Start of Block

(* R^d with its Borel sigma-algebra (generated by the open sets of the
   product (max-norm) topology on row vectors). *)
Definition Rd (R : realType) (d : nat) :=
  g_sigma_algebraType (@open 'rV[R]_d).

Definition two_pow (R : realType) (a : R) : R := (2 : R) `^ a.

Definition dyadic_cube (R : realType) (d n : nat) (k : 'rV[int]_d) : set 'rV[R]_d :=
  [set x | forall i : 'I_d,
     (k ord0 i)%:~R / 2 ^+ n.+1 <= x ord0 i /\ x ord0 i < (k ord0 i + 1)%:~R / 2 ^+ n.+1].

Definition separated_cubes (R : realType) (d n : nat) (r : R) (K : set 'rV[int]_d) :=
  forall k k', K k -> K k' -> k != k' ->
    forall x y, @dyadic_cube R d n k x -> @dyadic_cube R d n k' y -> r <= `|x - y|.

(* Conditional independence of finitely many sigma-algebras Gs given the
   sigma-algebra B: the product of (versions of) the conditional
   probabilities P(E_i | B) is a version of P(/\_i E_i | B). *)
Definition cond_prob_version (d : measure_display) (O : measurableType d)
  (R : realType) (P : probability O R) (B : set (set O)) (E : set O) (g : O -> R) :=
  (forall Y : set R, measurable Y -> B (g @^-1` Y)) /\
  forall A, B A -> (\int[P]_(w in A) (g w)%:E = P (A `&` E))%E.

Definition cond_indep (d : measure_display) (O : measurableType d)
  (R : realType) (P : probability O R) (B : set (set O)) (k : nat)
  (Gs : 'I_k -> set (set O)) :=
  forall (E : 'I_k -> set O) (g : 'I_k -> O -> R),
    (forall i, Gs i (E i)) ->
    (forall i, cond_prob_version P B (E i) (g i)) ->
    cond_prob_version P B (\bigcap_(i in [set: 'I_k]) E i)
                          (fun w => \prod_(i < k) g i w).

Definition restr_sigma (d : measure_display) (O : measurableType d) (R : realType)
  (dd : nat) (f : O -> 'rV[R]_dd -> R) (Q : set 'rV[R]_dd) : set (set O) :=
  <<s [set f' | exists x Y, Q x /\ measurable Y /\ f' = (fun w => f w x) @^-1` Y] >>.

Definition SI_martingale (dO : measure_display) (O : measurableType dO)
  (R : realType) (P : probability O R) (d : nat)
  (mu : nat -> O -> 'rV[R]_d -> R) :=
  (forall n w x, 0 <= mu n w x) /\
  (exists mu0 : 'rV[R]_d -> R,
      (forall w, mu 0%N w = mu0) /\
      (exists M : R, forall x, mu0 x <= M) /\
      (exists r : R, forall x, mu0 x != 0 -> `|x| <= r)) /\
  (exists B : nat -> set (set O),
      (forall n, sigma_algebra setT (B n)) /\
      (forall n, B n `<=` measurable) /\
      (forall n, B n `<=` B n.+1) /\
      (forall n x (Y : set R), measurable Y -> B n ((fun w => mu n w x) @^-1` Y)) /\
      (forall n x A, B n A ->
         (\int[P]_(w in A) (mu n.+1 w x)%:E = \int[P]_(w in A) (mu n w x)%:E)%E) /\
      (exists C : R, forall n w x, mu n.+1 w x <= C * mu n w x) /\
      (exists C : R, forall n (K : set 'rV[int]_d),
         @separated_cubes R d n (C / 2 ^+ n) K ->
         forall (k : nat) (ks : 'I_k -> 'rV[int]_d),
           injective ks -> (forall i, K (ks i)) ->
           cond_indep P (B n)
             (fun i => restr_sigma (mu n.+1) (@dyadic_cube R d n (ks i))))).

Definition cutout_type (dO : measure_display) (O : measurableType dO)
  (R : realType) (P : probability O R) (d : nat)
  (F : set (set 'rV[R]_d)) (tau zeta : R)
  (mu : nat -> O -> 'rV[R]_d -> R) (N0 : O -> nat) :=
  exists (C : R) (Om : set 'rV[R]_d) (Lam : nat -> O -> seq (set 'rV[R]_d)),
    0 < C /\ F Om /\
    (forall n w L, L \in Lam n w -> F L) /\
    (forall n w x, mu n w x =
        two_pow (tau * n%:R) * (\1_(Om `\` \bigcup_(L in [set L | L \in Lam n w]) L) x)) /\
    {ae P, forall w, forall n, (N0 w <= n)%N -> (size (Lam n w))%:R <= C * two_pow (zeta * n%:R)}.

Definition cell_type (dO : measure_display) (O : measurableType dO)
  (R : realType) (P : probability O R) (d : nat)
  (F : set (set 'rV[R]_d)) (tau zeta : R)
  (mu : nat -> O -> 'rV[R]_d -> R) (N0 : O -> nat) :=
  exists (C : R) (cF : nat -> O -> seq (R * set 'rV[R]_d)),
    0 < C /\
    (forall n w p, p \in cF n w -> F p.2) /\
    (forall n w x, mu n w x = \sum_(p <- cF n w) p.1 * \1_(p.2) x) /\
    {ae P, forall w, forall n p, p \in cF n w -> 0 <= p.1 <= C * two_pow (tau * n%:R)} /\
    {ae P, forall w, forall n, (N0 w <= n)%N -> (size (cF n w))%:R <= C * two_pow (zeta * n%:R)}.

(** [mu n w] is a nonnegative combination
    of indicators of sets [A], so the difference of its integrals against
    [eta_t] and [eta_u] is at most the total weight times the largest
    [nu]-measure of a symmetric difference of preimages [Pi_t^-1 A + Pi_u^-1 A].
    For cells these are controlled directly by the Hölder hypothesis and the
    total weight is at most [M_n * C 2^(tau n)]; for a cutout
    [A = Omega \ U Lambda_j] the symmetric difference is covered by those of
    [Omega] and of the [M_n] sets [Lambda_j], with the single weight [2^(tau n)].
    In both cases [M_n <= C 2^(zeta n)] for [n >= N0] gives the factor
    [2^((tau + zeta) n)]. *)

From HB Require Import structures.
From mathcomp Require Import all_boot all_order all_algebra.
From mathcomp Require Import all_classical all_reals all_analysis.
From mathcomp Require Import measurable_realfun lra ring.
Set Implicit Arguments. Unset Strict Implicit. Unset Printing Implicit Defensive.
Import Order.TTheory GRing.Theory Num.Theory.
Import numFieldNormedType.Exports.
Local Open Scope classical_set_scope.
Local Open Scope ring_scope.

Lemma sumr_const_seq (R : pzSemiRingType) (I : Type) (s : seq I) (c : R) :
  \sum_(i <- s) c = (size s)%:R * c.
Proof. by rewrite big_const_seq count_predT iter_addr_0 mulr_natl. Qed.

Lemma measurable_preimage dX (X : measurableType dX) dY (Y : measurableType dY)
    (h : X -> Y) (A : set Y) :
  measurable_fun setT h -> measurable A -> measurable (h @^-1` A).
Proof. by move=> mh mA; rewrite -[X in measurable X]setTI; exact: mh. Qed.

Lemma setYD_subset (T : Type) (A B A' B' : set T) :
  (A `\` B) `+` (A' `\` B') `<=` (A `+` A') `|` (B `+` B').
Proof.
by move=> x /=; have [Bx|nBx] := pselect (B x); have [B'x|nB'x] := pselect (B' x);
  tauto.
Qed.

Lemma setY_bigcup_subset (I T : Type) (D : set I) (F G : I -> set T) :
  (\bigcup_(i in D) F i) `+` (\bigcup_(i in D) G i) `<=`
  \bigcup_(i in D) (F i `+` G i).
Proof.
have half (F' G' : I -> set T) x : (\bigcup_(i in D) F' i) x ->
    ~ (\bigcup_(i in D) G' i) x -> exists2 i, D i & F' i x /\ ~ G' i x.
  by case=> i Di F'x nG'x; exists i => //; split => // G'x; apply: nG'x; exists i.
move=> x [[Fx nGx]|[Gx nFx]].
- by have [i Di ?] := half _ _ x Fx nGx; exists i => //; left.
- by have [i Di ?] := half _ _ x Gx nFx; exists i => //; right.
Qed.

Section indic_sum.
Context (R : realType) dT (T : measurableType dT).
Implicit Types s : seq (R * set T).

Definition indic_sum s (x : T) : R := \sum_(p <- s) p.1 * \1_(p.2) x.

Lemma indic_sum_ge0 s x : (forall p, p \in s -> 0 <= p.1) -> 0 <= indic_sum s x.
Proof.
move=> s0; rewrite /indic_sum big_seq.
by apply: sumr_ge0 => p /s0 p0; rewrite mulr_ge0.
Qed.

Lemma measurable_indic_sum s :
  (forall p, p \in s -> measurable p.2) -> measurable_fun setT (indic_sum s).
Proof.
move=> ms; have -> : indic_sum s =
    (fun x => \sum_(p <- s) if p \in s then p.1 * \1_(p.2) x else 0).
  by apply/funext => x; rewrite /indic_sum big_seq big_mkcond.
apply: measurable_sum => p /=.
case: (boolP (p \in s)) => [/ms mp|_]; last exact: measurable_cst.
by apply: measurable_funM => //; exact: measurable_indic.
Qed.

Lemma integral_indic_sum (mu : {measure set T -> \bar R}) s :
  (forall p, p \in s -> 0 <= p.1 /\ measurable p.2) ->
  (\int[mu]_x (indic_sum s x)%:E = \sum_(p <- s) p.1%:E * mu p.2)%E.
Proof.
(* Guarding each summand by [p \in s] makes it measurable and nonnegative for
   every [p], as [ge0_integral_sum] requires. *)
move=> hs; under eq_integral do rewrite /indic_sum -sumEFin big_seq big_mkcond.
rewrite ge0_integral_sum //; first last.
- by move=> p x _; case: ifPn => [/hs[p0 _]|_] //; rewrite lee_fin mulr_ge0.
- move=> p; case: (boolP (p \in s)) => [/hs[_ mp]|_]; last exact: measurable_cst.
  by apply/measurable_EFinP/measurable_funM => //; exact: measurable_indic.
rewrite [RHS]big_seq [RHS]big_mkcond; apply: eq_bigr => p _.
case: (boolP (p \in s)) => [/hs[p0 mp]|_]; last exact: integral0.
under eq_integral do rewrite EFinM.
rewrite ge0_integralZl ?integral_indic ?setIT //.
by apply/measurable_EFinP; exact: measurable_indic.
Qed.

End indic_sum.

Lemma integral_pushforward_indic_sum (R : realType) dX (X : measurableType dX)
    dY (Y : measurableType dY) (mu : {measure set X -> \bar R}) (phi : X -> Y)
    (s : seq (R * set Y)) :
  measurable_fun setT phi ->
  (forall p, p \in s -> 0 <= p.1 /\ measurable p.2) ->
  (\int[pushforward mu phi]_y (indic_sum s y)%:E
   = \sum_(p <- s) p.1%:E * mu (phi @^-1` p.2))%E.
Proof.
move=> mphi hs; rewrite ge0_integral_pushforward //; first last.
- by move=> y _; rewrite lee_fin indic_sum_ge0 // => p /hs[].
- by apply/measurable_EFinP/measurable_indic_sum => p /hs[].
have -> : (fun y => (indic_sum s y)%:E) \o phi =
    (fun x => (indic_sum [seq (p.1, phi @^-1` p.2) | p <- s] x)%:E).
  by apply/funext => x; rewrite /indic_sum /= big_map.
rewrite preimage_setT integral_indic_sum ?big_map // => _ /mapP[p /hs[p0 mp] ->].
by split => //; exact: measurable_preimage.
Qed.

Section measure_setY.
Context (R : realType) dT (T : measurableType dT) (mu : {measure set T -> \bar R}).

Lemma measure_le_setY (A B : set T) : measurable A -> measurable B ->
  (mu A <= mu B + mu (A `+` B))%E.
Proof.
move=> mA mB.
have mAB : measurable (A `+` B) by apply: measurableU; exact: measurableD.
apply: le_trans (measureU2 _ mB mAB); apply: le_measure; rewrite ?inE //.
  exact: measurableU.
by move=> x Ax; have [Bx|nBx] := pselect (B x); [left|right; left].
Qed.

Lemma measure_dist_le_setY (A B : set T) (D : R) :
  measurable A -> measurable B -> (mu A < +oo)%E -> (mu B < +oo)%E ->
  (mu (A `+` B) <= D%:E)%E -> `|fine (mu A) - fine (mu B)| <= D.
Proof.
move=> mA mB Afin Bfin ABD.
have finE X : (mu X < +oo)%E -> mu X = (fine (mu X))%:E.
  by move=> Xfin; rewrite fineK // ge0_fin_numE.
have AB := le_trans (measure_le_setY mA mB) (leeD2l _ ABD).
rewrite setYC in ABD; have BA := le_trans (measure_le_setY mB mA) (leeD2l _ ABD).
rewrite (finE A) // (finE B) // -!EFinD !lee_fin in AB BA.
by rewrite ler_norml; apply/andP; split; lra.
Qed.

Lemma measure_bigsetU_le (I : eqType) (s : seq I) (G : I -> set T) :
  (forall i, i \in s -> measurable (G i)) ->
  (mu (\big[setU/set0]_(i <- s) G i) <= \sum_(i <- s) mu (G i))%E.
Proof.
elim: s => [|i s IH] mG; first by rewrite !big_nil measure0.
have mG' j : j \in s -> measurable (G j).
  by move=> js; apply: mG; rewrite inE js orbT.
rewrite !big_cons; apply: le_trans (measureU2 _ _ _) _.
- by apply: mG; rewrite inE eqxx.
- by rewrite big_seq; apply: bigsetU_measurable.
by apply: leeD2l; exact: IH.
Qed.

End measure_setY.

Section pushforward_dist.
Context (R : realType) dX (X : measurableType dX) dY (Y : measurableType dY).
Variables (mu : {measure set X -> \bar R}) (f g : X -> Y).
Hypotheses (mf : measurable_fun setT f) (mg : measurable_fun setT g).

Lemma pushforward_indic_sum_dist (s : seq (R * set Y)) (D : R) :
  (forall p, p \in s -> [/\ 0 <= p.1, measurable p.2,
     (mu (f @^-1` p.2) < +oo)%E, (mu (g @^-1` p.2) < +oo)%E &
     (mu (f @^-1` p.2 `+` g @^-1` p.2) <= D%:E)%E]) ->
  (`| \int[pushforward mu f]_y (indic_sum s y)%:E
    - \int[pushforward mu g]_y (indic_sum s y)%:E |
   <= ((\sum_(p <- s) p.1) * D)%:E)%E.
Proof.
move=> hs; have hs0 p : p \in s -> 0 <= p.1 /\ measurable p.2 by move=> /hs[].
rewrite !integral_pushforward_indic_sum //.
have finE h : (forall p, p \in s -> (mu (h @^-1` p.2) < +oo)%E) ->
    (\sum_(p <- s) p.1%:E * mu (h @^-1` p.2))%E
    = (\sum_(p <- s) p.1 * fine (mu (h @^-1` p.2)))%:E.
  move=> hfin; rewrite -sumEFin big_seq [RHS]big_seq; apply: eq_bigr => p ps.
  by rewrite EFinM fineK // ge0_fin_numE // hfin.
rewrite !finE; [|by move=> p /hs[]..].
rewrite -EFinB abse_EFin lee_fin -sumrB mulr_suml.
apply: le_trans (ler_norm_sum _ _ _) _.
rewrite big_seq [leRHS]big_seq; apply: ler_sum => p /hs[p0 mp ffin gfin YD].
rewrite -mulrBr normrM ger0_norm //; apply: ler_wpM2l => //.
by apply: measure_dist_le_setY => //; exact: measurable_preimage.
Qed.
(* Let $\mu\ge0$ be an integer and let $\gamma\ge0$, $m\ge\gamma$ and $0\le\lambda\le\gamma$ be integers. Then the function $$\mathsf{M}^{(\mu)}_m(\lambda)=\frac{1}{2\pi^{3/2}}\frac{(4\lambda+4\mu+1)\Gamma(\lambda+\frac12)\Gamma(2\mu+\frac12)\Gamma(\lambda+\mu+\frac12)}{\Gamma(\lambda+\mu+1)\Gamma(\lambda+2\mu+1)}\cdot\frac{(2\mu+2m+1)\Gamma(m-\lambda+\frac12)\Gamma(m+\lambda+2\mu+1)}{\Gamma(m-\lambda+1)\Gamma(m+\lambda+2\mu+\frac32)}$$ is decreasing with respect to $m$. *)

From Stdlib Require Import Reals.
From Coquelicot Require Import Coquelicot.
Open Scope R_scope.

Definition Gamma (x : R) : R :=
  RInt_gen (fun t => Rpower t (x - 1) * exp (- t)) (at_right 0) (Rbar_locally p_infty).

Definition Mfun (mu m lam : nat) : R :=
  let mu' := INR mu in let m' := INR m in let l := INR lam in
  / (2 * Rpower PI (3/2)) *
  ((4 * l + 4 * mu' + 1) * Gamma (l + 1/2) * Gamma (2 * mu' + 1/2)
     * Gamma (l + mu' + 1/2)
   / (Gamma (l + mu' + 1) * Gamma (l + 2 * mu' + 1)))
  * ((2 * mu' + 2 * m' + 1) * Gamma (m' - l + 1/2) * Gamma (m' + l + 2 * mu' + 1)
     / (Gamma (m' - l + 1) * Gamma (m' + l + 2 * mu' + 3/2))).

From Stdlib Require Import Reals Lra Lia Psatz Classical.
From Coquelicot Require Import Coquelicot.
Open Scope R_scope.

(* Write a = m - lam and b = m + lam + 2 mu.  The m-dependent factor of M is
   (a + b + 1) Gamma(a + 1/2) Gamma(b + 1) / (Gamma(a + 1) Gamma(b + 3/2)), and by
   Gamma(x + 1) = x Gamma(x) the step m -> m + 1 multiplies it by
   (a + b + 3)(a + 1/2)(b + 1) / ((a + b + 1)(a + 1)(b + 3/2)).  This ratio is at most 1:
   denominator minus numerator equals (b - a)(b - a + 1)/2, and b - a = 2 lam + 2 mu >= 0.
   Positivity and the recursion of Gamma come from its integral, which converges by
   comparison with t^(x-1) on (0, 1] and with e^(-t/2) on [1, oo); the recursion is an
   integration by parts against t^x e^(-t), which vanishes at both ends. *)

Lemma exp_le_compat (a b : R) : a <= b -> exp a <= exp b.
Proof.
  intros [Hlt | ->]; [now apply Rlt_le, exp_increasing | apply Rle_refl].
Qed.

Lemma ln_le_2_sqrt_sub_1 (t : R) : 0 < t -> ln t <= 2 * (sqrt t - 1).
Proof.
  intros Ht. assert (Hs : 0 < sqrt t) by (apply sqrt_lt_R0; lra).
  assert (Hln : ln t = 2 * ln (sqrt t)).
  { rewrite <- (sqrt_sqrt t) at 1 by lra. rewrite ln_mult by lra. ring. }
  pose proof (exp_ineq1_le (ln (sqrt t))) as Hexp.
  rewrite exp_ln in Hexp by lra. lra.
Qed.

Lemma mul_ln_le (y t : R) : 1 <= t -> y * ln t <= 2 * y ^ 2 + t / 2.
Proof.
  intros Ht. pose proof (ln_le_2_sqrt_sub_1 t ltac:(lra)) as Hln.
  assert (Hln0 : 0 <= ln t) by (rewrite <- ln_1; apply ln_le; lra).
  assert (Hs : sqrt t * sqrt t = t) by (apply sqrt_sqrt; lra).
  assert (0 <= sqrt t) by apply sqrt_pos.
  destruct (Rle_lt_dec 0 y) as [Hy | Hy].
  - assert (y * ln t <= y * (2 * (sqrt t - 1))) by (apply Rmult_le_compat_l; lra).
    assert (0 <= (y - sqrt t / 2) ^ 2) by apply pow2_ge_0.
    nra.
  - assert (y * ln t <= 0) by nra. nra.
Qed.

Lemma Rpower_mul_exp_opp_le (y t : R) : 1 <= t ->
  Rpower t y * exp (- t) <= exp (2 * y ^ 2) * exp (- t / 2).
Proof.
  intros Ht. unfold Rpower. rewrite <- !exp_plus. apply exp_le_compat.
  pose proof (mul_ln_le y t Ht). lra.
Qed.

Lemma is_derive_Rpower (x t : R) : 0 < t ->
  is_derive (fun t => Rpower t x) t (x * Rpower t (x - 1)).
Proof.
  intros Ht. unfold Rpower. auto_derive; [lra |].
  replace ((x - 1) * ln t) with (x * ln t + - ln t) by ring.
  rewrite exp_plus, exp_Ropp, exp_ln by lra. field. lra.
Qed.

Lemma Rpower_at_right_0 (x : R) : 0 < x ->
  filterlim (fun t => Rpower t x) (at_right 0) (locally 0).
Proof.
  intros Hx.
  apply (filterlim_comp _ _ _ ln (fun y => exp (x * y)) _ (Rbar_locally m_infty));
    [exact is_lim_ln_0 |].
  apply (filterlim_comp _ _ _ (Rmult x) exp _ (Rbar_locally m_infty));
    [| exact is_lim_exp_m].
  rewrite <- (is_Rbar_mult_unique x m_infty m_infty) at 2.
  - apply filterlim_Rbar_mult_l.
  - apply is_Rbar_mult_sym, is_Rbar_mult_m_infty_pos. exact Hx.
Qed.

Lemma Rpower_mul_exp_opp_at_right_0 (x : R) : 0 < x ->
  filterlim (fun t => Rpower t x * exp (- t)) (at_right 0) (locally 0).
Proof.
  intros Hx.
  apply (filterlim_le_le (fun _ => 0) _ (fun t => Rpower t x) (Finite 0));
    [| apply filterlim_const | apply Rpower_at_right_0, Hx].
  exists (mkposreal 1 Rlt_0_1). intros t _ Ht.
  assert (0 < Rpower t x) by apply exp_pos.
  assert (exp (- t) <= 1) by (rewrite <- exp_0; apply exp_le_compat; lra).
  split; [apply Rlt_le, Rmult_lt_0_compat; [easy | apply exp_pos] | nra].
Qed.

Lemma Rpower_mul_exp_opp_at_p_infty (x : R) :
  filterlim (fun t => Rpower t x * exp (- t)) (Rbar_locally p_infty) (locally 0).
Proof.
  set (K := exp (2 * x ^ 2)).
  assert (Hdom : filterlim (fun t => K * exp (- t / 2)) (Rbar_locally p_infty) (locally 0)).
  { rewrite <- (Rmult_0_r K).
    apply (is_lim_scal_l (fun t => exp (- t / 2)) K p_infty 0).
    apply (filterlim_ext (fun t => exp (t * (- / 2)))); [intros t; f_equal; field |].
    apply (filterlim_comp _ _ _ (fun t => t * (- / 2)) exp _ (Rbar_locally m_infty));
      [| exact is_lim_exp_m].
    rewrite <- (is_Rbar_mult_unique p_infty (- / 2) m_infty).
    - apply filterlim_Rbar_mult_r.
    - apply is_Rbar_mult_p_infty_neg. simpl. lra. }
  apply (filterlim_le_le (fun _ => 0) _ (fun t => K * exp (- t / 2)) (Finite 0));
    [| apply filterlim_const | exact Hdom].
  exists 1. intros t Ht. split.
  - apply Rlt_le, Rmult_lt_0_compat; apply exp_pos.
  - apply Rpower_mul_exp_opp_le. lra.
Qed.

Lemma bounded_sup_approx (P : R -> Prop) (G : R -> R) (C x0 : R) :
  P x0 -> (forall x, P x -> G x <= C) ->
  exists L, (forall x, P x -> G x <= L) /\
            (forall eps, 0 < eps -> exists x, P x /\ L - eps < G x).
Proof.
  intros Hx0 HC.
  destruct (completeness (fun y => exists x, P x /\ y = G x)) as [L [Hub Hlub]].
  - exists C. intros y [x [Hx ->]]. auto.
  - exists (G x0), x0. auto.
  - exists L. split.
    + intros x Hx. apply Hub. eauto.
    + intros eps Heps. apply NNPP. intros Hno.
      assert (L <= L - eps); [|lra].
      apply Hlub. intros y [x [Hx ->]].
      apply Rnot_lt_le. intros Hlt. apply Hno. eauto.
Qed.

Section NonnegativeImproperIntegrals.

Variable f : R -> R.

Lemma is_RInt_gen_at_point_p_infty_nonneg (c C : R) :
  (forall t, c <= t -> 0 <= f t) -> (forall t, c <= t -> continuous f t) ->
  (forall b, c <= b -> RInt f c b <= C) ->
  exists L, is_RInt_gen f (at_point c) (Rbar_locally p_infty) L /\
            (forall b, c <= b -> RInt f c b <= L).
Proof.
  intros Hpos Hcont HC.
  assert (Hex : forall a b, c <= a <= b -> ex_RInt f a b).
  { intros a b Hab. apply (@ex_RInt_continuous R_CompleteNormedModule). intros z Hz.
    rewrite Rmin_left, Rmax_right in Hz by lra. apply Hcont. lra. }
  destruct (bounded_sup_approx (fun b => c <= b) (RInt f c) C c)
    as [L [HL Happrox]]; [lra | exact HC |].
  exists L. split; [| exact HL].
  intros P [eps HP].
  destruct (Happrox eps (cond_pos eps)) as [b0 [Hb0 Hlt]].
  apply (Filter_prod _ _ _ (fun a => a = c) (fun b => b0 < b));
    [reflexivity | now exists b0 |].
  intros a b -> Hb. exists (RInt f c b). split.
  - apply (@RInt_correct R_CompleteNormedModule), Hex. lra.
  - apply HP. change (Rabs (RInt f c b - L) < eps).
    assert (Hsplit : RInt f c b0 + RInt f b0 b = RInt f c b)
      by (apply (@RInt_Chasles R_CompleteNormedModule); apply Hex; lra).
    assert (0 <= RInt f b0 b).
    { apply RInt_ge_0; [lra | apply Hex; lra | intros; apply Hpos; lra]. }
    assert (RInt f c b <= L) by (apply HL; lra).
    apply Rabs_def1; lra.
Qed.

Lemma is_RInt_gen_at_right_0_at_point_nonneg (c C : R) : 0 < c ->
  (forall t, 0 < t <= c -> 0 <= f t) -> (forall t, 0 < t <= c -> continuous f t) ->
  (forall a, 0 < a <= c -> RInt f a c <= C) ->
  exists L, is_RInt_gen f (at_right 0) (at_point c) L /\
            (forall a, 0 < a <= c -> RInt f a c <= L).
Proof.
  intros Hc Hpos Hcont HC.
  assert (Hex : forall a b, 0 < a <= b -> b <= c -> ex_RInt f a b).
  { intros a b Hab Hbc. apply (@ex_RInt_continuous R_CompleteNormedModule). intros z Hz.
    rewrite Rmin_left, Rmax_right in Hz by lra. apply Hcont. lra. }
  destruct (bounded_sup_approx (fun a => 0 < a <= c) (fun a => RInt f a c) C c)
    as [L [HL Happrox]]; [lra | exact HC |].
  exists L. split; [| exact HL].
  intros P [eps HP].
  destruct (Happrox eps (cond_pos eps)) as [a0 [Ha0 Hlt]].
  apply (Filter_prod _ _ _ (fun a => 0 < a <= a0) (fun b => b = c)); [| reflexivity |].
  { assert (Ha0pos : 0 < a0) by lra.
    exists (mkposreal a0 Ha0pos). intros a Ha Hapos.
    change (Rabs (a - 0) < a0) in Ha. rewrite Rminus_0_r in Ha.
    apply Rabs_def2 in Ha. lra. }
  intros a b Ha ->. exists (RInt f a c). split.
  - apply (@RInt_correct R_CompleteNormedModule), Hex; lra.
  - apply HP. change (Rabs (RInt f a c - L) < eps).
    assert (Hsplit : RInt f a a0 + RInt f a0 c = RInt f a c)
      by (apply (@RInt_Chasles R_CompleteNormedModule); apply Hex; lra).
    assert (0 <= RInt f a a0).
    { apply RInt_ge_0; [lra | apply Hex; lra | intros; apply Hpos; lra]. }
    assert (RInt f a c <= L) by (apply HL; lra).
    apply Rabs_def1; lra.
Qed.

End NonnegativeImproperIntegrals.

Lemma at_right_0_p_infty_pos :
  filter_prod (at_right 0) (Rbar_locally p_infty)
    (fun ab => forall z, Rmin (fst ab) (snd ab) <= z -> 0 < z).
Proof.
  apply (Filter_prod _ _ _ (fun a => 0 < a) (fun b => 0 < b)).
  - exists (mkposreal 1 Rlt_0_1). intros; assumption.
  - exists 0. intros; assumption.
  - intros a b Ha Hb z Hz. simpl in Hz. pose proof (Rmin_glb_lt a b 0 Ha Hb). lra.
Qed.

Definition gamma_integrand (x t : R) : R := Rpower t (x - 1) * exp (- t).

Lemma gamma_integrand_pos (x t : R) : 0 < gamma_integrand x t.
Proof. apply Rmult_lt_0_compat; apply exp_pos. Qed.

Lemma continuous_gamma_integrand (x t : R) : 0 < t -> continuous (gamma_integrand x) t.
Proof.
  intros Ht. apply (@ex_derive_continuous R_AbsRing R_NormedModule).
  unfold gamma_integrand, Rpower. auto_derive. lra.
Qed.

End of Block

▸ DIRECTIONS FOR THIS TASK
All lines above containing the string "assumption" are to be collected.

▸ OUTPUT OF THE TASK
  - exists (mkposreal 1 Rlt_0_1). intros; assumption.
  - exists 0. intros; assumption.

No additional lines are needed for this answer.